Липничановский Яник умудрился улизнуть от своей матери, от радости он скакал и валялся в сугробах, как жеребенок. А потом стал катать на дороге снежный ком. Мы тоже взялись за работу. Особенно отличались порубяковские Терка и Катка, среди нас самые сильные. Ком рос на глазах, в конце концов мы не могли и с места сдвинуть его. Оставили прямо так на обочине дороги, а когда чуть отошли, показался он нам с огромную гору. Как завидят его проезжавшие лошади, пугаются и встают на дыбы.

Гашпар Ливора в этот день возил на санях дрова с лесопилки. Поравнявшись с нашим комом, лошади его неожиданно дернулись в сторону и, вырвав у него из рук вожжи, во весь опор припустились к плетню. Он едва их догнал, лошади чуть было не порезались о заостренные колья.

Он сперва ввел лошадей во двор, велел Ливорихе попридержать вожжи, а сам выскочил обратно на дорогу.

Как шершень, налетел он на нас: орал, злобно хлестал в воздухе плеткой. А когда мы разбежались, кинул вдогонку нам баранью шапку, только не докинул.
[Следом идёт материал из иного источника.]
(* Let $X$ be a real Hilbert space and $I$ either $[0,T]$ ($T>0$) or $[0,+\infty)$. Assume: $K\subset X$ is a nonempty closed convex cone; $A:X\to X$ satisfies $(Au-Av,u-v)_X\ge m_A\|u-v\|_X^2$ and $\|Au-Av\|_X\le L_A\|u-v\|_X$ for all $u,v\in X$, with $m_A,L_A>0$; $f\in C(I;X)$; $\mathcal{S}:C(I;X)\to C(I;X)$ is a history-dependent operator; $j:K\to\mathbb{R}$ is a convex, positively homogeneous, Lipschitz continuous function. Then there exists a unique function $u\in C(I;K)$ such that $$-u(t)\in \mathrm{N}_{C(t)}\big(Au(t)+\mathcal{S}u(t)\big)\quad\forall\,t\in I.$$
   Context: $\mathcal{S}$ is history-dependent if for every compact $\mathcal J\subset I$ there is $L_{\mathcal J}>0$ with $\|\mathcal{S}u_1(t)-\mathcal{S}u_2(t)\|_X\le L_{\mathcal J}\int_0^t\|u_1(s)-u_2(s)\|_X ds$ for all $u_1,u_2\in C(I;X)$, $t\in\mathcal J$. Define $J:X\to(-\infty,+\infty]$ by $J(v)=j(v)$ if $v\in K$, $J(v)=+\infty$ otherwise; $C=\{\xi\in X:J(v)\ge(\xi,v)_X\ \forall v\in X\}$ and $C(t)=f(t)-C$ for $t\in I$. For a nonempty closed convex $D\subset X$, $\mathrm{N}_D(x)=\{\xi:(\xi,w-x)_X\le0\ \forall w\in D\}$ if $x\in D$, $\emptyset$ otherwise. *)

From Stdlib Require Import Reals Rtopology ClassicalEpsilon.
From Coquelicot Require Import Coquelicot.
Open Scope R_scope.

Section Defs.
Context {X : CompleteNormedModule R_AbsRing}.

(* ip is an inner product on X inducing the norm of X; X being complete,
   (X, ip) is a real Hilbert space. *)
Definition is_inner_product (ip : X -> X -> R) : Prop :=
  (forall x y, ip x y = ip y x) /\
  (forall x y z, ip (plus x y) z = ip x z + ip y z) /\
  (forall (a : R) x y, ip (scal a x) y = a * ip x y) /\
  (forall x, 0 <= ip x x) /\
  (forall x, norm x = sqrt (ip x x)).

(* The time interval I = [0,T] (T real, T > 0) or [0,+oo) (T = p_infty). *)
Definition time_interval (T : Rbar) (t : R) : Prop := 0 <= t /\ Rbar_le t T.

Definition cont_on (I : R -> Prop) (u : R -> X) : Prop :=
  forall t, I t -> filterlim u (within I (locally t)) (locally (u t)).

Definition history_dependent (I : R -> Prop) (S : (R -> X) -> (R -> X)) : Prop :=
  forall J : R -> Prop, (forall t, J t -> I t) -> Rtopology.compact J ->
  exists L : R, 0 < L /\
    forall u1 u2, cont_on I u1 -> cont_on I u2 ->
    forall t, J t ->
      norm (minus (S u1 t) (S u2 t)) <= L * RInt (fun s => norm (minus (u1 s) (u2 s))) 0 t.

Definition closed_convex_cone (K : X -> Prop) : Prop :=
  (exists x, K x) /\ closed K /\
  (forall u v (l : R), K u -> K v -> 0 <= l <= 1 -> K (plus (scal l u) (scal (1 - l) v))) /\
  (forall u (l : R), K u -> 0 <= l -> K (scal l u)).

Definition j_hyp (K : X -> Prop) (j : X -> R) : Prop :=
  (forall u v (l : R), K u -> K v -> 0 <= l <= 1 ->
     j (plus (scal l u) (scal (1 - l) v)) <= l * j u + (1 - l) * j v) /\
  (forall u (l : R), K u -> 0 < l -> j (scal l u) = l * j u) /\
  (exists Lj : R, 0 <= Lj /\ forall u v, K u -> K v -> Rabs (j u - j v) <= Lj * norm (minus u v)).

Definition Jext (K : X -> Prop) (j : X -> R) (v : X) : Rbar :=
  if excluded_middle_informative (K v) then Finite (j v) else p_infty.

Definition Cset (ip : X -> X -> R) (K : X -> Prop) (j : X -> R) (xi : X) : Prop :=
  forall v, Rbar_le (Finite (ip xi v)) (Jext K j v).

Definition Ct (ip : X -> X -> R) (K : X -> Prop) (j : X -> R) (f : R -> X) (t : R) (xi : X) : Prop :=
  exists c, Cset ip K j c /\ xi = minus (f t) c.

Definition normal_cone (ip : X -> X -> R) (D : X -> Prop) (x xi : X) : Prop :=
  D x /\ forall w, D w -> ip xi (minus w x) <= 0.

End Defs.

(* At a fixed time the problem reads: find u in K with -u in N_{f0 - C}(A u + eta).
   Because K is a cone and j is positively homogeneous, this is equivalent to the
   variational inequality (A u - (f0 - eta), v - u) + j v - j u >= 0 for all v in K,
   which Banach's fixed point theorem solves through the proximal map of rho j; its
   solution is (1/mA)-Lipschitz in (f0, eta). Hence u |-> (t |-> solution for the
   data (f t, S u t)) is again history-dependent, and a history-dependent operator
   has a unique fixed point in C(I; X): on every [0, b] in I the n-th Picard
   increment is bounded by C 2^-n, because the weight exp ((2 L + 1) s) turns the
   integral operator into a contraction, and the same estimate (a Gronwall
   argument) gives uniqueness. *)

From Stdlib Require Import Reals Rtopology Lra Lia ClassicalEpsilon ssreflect.
From Coquelicot Require Import Coquelicot.
Open Scope R_scope.

Lemma geometric_small (M q eps : R) : 0 <= M -> 0 <= q < 1 -> 0 < eps ->
  exists N, forall n, (N <= n)%nat -> M * q ^ n < eps.
Proof.
  move=> HM Hq He.
  have [N HN] := pow_lt_1_zero q ltac:(rewrite Rabs_right; lra) (eps / (M + 1))
    ltac:(apply: Rdiv_lt_0_compat; lra).
  exists N => n Hn. have := HN n Hn. rewrite Rabs_right; last by apply/Rle_ge/pow_le; lra.
  move=> Hqn. have Hqn0 := pow_le q n (proj1 Hq).
  have : q ^ n * (M + 1) < eps.
  { have -> : eps = eps / (M + 1) * (M + 1) by field; lra.
    apply: Rmult_lt_compat_r; lra. }
  nra.
Qed.

Lemma sqr_le_sqr_nonneg (a b : R) : 0 <= a -> 0 <= b -> a * a <= b * b -> a <= b.
Proof. move=> *. case: (Rle_lt_dec a b); nra. Qed.

Lemma first_variation_nonneg (E D : R) : 0 <= D ->
  (forall l, 0 < l <= 1 -> 0 <= l * E + l * l * D) -> 0 <= E.
Proof.
  move=> HD H. case: (Rle_lt_dec 0 E) => // HE.
  set l := Rmin 1 (- E / (2 * (D + 1))).
  have Hl1 : l <= 1 by apply: Rmin_l.
  have Hl2 : l <= - E / (2 * (D + 1)) by apply: Rmin_r.
  have Hl0 : 0 < l.
  { rewrite /l /Rmin. case: Rle_dec => _; first lra. apply: Rdiv_lt_0_compat; lra. }
  have := H l ltac:(lra).
  have : l * D <= - E / (2 * (D + 1)) * D by apply: Rmult_le_compat_r.
  have : - E / (2 * (D + 1)) * D < - E / 2.
  { apply: (Rmult_lt_reg_r (2 * (D + 1))); first lra.
    have -> : - E / (2 * (D + 1)) * D * (2 * (D + 1)) = - E * D by field; lra.
    lra. }
  nra.
Qed.

Lemma exists_inf {T : Type} (K : T -> Prop) (F : T -> R) :
  (exists x, K x) -> (exists B, forall w, K w -> B <= F w) ->
  exists m, (forall w, K w -> m <= F w) /\
    forall eps, 0 < eps -> exists w, K w /\ F w < m + eps.
Proof.
  move=> [x Kx] [B HB].
  set E := fun y => exists w, K w /\ y = - F w.
  have HE : bound E by exists (- B) => _ [w [Kw ->]]; have := HB w Kw; lra.
  have [L [HLu HLl]] := completeness E HE (ex_intro _ (- F x) (ex_intro _ x (conj Kx eq_refl))).
  exists (- L). split.
  - move=> w Kw. have : - F w <= L by apply: HLu; exists w. lra.
  - move=> eps He. case: (excluded_middle_informative (exists w, K w /\ F w < - L + eps)) => // Hn.
    have : L <= L - eps; last lra.
    apply: HLl => _ [w [Kw ->]].
    case: (Rlt_le_dec (F w) (- L + eps)) => HFw; last lra.
    by case: Hn; exists w.
Qed.

Definition cont_seg (b : R) (h : R -> R) : Prop :=
  forall t, 0 <= t <= b -> forall eps, 0 < eps -> exists del, 0 < del /\
    forall s, 0 <= s <= b -> Rabs (s - t) < del -> Rabs (h s - h t) < eps.

(* Clamping extends a function continuous on [0, b] to a function continuous on R,
   to which Stdlib's results on continuous functions apply. *)
Definition clamp (b s : R) : R := Rmax 0 (Rmin s b).

Lemma clamp_in b s : 0 <= b -> 0 <= clamp b s <= b.
Proof. rewrite /clamp /Rmax /Rmin => ?; repeat destruct Rle_dec; lra. Qed.

Lemma clamp_id b s : 0 <= s <= b -> clamp b s = s.
Proof. rewrite /clamp /Rmax /Rmin => ?; repeat destruct Rle_dec; lra. Qed.

Lemma clamp_lipschitz b s t : 0 <= b -> Rabs (clamp b s - clamp b t) <= Rabs (s - t).
Proof. rewrite /clamp /Rmax /Rmin => ?; repeat destruct Rle_dec; split_Rabs; lra. Qed.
— Ах вы озорники негодные, — бесился он, — из-за такой-то ерунды еще в беду попадешь! Мало того, что мужики на войне шею ломают, еще и нам не хватало.
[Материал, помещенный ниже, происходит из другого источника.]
(* Realize $\mathfrak{h}_3$ as the strictly upper triangular real $3\times3$ matrices, and write $M(x,y,z)$ for the matrix with entries $x$ at position $(1,2)$, $y$ at $(2,3)$, $z$ at $(1,3)$. For every $a\in\mathbb{R}$ and every continuous sublinear function $c:\mathbb{R}\to\mathbb{R}$, the function defined for $x\ne0$ by \[\zeta(M(x,y,z))=c(y/x)\cdot x+a\cdot y\] extends continuously to an $\mathrm{Ad}$-invariant Lie quasi-state on $\mathfrak{h}_3$ (with $\zeta(M(0,y,z))=a y$). Conversely, every continuous $\mathrm{Ad}$-invariant Lie quasi-state on $\mathfrak{h}_3$ is of this form.
   Context: A Lie quasi-state is $\zeta:\mathfrak{g}\to\mathbb{R}$ with $\zeta(aX+bY)=a\zeta(X)+b\zeta(Y)$ for all $a,b\in\mathbb{R}$ and commuting $X,Y$. $\mathrm{Ad}$-invariant means invariant under the adjoint group. A function $c:\mathbb{R}\to\mathbb{R}$ is sublinear if $c(s)/|s|\to0$ as $|s|\to\infty$. *)

From Stdlib Require Import Reals Lra.
Open Scope R_scope.

(* Real 3x3 matrices, indices 0,1,2 (entries outside are irrelevant). *)
Definition Mat3 := nat -> nat -> R.

Definition mmul (A B : Mat3) : Mat3 :=
  fun i j => A i 0%nat * B 0%nat j + A i 1%nat * B 1%nat j + A i 2%nat * B 2%nat j.

Definition mat_eq (A B : Mat3) : Prop :=
  forall i j, (i < 3)%nat -> (j < 3)%nat -> A i j = B i j.

Definition id3 : Mat3 := fun i j => if Nat.eqb i j then 1 else 0.

Definition madd (A B : Mat3) : Mat3 := fun i j => A i j + B i j.

(* M(x,y,z): x at (1,2), y at (2,3), z at (1,3) (1-based), i.e.
   (0,1), (1,2), (0,2) 0-based; zero elsewhere. *)
Definition M (x y z : R) : Mat3 :=
  fun i j =>
    match i, j with
    | 0%nat, 1%nat => x
    | 1%nat, 2%nat => y
    | 0%nat, 2%nat => z
    | _, _ => 0
    end.

(* h_3 = strictly upper triangular real 3x3 matrices, coordinatised by (x,y,z). *)
Record h3 := mkh3 { hx : R; hy : R; hz : R }.

Definition toM (X : h3) : Mat3 := M (hx X) (hy X) (hz X).

Definition h3_lin (a : R) (X : h3) (b : R) (Y : h3) : h3 :=
  mkh3 (a * hx X + b * hx Y) (a * hy X + b * hy Y) (a * hz X + b * hz Y).

Definition commute3 (X Y : h3) : Prop :=
  mat_eq (mmul (toM X) (toM Y)) (mmul (toM Y) (toM X)).

Definition lie_quasi_state (zeta : h3 -> R) : Prop :=
  forall (a b : R) (X Y : h3), commute3 X Y ->
    zeta (h3_lin a X b Y) = a * zeta X + b * zeta Y.

(* The adjoint group of h_3 is {Ad_g : g in H_3}, H_3 = upper unitriangular
   matrices g = I + M(p,q,r); Ad_g X = g X g^{-1}, i.e. Y = Ad_g X iff Y g = g X. *)
Definition Ad_invariant (zeta : h3 -> R) : Prop :=
  forall (p q r : R) (X Y : h3),
    let g := madd id3 (M p q r) in
    mat_eq (mmul (toM Y) g) (mmul g (toM X)) ->
    zeta Y = zeta X.

Definition continuous_h3 (zeta : h3 -> R) : Prop :=
  forall (X : h3) (eps : R), 0 < eps ->
    exists delta, 0 < delta /\
      forall Y : h3,
        Rabs (hx Y - hx X) < delta -> Rabs (hy Y - hy X) < delta ->
        Rabs (hz Y - hz X) < delta ->
        Rabs (zeta Y - zeta X) < eps.

Definition sublinear (c : R -> R) : Prop :=
  forall eps : R, 0 < eps ->
    exists N : R, forall s : R, N < Rabs s -> Rabs (c s / Rabs s) < eps.

(* Commuting elements of h_3 have proportional (x, y)-parts, and Ad_g moves
   (x, y, z) only to (x, y, z + p y - q x); the centre (0, 0, z) is a difference
   of the Ad-conjugate elements (1, 0, z) and (1, 0, 0).  Hence Ad-invariant
   quasi-states are exactly the functions that ignore z and are linear along each
   line of the (x, y)-plane, and so are the functions c (y / x) x + a y.  Such a
   function is determined by a = zeta (0, 1, 0) and c s = zeta (1, s, 0) - a s,
   and continuity at the axis x = 0 matches sublinearity of c because
   c s / |s| = +-(zeta (1/s, 1, 0) - a). *)

From Stdlib Require Import Reals Lra Lia Psatz.
Open Scope R_scope.

Lemma commute3_mkh3 x y z x' y' z' :
  commute3 (mkh3 x y z) (mkh3 x' y' z') <-> x * y' = x' * y.
Proof.
  split.
  - intros H. specialize (H 0%nat 2%nat ltac:(lia) ltac:(lia)).
    unfold mmul, toM, M in H; simpl in H. lra.
  - intros H i j Hi Hj.
    destruct i as [|[|[|i]]]; try lia; destruct j as [|[|[|j]]]; try lia;
      unfold mmul, toM, M; simpl; lra.
Qed.

Lemma Ad_preserves_xy p q r X Y :
  mat_eq (mmul (toM Y) (madd id3 (M p q r))) (mmul (madd id3 (M p q r)) (toM X)) ->
  hx Y = hx X /\ hy Y = hy X.
Proof.
  intros H.
  pose proof (H 0%nat 1%nat ltac:(lia) ltac:(lia)) as H01.
  pose proof (H 1%nat 2%nat ltac:(lia) ltac:(lia)) as H12.
  unfold mmul, toM, M, madd, id3 in H01, H12; simpl in H01, H12. lra.
Qed.

Lemma Ad_shear x y z p q :
  let g := madd id3 (M p q 0) in
  mat_eq (mmul (toM (mkh3 x y (z + p * y - q * x))) g) (mmul g (toM (mkh3 x y z))).
Proof.
  intros g i j Hi Hj.
  destruct i as [|[|[|i]]]; try lia; destruct j as [|[|[|j]]]; try lia;
    unfold g, mmul, toM, M, madd, id3; simpl; ring.
Qed.

Lemma proportional_common_direction x y x' y' :
  x * y' = x' * y ->
  exists u v s t, x = s * u /\ y = s * v /\ x' = t * u /\ y' = t * v.
Proof.
  intros Hxy.
  destruct (Req_dec (x * x + y * y) 0) as [H0|H0].
  - exists x', y', 0, 1. repeat split; try ring; nra.
  - exists x, y, 1, ((x * x' + y * y') / (x * x + y * y)).
    assert (Ex : x' * (x * x + y * y) - (x * x' + y * y') * x = y * (x' * y - x * y')) by ring.
    assert (Ey : y' * (x * x + y * y) - (x * x' + y * y') * y = x * (x * y' - x' * y)) by ring.
    rewrite Hxy, Rminus_diag, Rmult_0_r in Ex, Ey.
    repeat split; try ring; apply (Rmult_eq_reg_r (x * x + y * y)); auto; field_simplify; lra.
Qed.

Definition planar_homogeneous (f : h3 -> R) : Prop :=
  forall l x y z w, f (mkh3 (l * x) (l * y) z) = l * f (mkh3 x y w).

Definition profile (f : h3 -> R) (s : R) : R := f (mkh3 1 s 0) - f (mkh3 0 1 0) * s.

Section PlanarHomogeneous.
Variable f : h3 -> R.
Hypothesis f_planar : planar_homogeneous f.

Lemma planar_homogeneous_z x y z w : f (mkh3 x y z) = f (mkh3 x y w).
Proof.
  pose proof (f_planar 1 x y z w) as H. rewrite !Rmult_1_l in H. exact H.
Qed.

Lemma planar_homogeneous_quasi_state : lie_quasi_state f.
Proof.
  intros a b [x y z] [x' y' z'] HC. apply commute3_mkh3 in HC.
  destruct (proportional_common_direction _ _ _ _ HC) as (u & v & s & t & -> & -> & -> & ->).
  unfold h3_lin; simpl.
  replace (a * (s * u) + b * (t * u)) with ((a * s + b * t) * u) by ring.
  replace (a * (s * v) + b * (t * v)) with ((a * s + b * t) * v) by ring.
  rewrite !(f_planar _ u v _ 0). ring.
Qed.

Lemma planar_homogeneous_Ad_invariant : Ad_invariant f.
Proof.
  intros p q r [x y z] [x' y' z'] g HAd.
  destruct (Ad_preserves_xy _ _ _ _ _ HAd) as [Ex Ey]; simpl in Ex, Ey; subst.
  apply planar_homogeneous_z.
Qed.

Lemma planar_homogeneous_on_axis y z : f (mkh3 0 y z) = f (mkh3 0 1 0) * y.
Proof.
  replace (mkh3 0 y z) with (mkh3 (y * 0) (y * 1) z) by (f_equal; ring).
  rewrite (f_planar _ _ _ _ 0); ring.
Qed.

Lemma planar_homogeneous_off_axis x y z :
  x <> 0 -> f (mkh3 x y z) = profile f (y / x) * x + f (mkh3 0 1 0) * y.
Proof.
  intros Hx.
  replace (mkh3 x y z) with (mkh3 (x * 1) (x * (y / x)) z) by (f_equal; field; auto).
  rewrite (f_planar _ _ _ _ 0); unfold profile; field; auto.
Qed.

End PlanarHomogeneous.

Lemma quasi_state_Ad_invariant_planar_homogeneous f :
  lie_quasi_state f -> Ad_invariant f -> planar_homogeneous f.
Proof.
  intros Hq HAd.
  assert (scale : forall l x y z, f (mkh3 (l * x) (l * y) (l * z)) = l * f (mkh3 x y z)).
  { intros l x y z.
    replace (mkh3 (l * x) (l * y) (l * z)) with (h3_lin l (mkh3 x y z) 0 (mkh3 x y z))
      by (unfold h3_lin; simpl; f_equal; ring).
    rewrite Hq by (apply commute3_mkh3; ring). ring. }
  assert (shear : forall x y z w, (x <> 0 \/ y <> 0) -> f (mkh3 x y w) = f (mkh3 x y z)).
  { intros x y z w [Hx|Hy].
    - apply (HAd 0 ((z - w) / x) 0).
      replace w with (z + 0 * y - (z - w) / x * x) at 1 by (field; auto).
      apply Ad_shear.
    - apply (HAd ((w - z) / y) 0 0).
      replace w with (z + (w - z) / y * y - 0 * x) at 1 by (field; auto).
      apply Ad_shear. }
  assert (center : forall z, f (mkh3 0 0 z) = 0).
  { intro z.
    replace (mkh3 0 0 z) with (h3_lin 1 (mkh3 1 0 z) (-1) (mkh3 1 0 0))
      by (unfold h3_lin; simpl; f_equal; ring).
    rewrite Hq by (apply commute3_mkh3; ring).
    rewrite (shear 1 0 0 z) by lra. ring. }
  assert (z_free : forall x y z w, f (mkh3 x y z) = f (mkh3 x y w)).
  { intros x y z w.
    destruct (Req_dec x 0) as [->|Hx]; [destruct (Req_dec y 0) as [->|Hy]|].
    - rewrite !center; reflexivity.
    - apply shear; auto.
    - apply shear; auto. }
  intros l x y z w.
  rewrite (z_free _ _ z (l * w)), scale; reflexivity.
Qed.

Definition continuous_h3_at (f : h3 -> R) (X : h3) : Prop :=
  forall eps, 0 < eps -> exists delta, 0 < delta /\ forall Y,
    Rabs (hx Y - hx X) < delta -> Rabs (hy Y - hy X) < delta ->
    Rabs (hz Y - hz X) < delta -> Rabs (f Y - f X) < eps.

Lemma continuous_h3_at_hx X : continuous_h3_at hx X.
Proof. intros eps Heps; exists eps; auto. Qed.

Lemma continuous_h3_at_hy X : continuous_h3_at hy X.
Proof. intros eps Heps; exists eps; auto. Qed.

Lemma continuous_h3_at_local f g X r :
  0 < r -> (forall Y, Rabs (hx Y - hx X) < r -> f Y = g Y) ->
  continuous_h3_at g X -> continuous_h3_at f X.
Proof.
  intros Hr Hfg Hg eps Heps.
  destruct (Hg eps Heps) as [d [Hd H]].
  exists (Rmin d r); split; [apply Rmin_pos; auto|].
  intros Y Hx Hy Hz.
  pose proof (Rmin_l d r); pose proof (Rmin_r d r).
  rewrite !Hfg by (rewrite ?Rminus_diag, ?Rabs_R0; lra). apply H; lra.
Qed.

Lemma continuous_h3_at_plus f g X :
  continuous_h3_at f X -> continuous_h3_at g X ->
  continuous_h3_at (fun Y => f Y + g Y) X.
Proof.
  intros Hf Hg eps Heps.
  destruct (Hf (eps / 2)) as [d1 [Hd1 H1]]; [lra|].
  destruct (Hg (eps / 2)) as [d2 [Hd2 H2]]; [lra|].
  exists (Rmin d1 d2); split; [apply Rmin_pos; auto|].
  intros Y Hx Hy Hz.
  pose proof (Rmin_l d1 d2); pose proof (Rmin_r d1 d2).
  specialize (H1 Y ltac:(lra) ltac:(lra) ltac:(lra)).
  specialize (H2 Y ltac:(lra) ltac:(lra) ltac:(lra)).
  replace (f Y + g Y - (f X + g X)) with ((f Y - f X) + (g Y - g X)) by ring.
  eapply Rle_lt_trans; [apply Rabs_triang | lra].
Qed.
Кому-кому, а не дяде Ливору поминать бы тех, кто пошел воевать, это понимали даже мы, дети. Из-за того, что у него большое хозяйство, его освободили от армии, позволили не служить императору. Пусть себе спокойно хозяйствует. У него было всегда полно батраков, ему не надо было беспокоиться, кто ему обработает землю, как семью прокормить. Его единственному сыну Адамке не приходилось от голода собирать в школе всякие объедки после богатых детей. Напротив, он был среди тех, кто кидал под парту целые ломти хлеба с маслом. Голодные дети только глаза таращили, не могли перемены дождаться, чтобы поднять этот хлеб. Недавно, когда дети стали делить меж собой его хлеб, он вырвал у них ломоть, бросил на пол и давай ногами топтать. Милан Осадский — так дома рассказывала маме Бетка — схватил его за шиворот и, прижав к стенке, проучил как следует своей детской, но уже мозолистой рукой.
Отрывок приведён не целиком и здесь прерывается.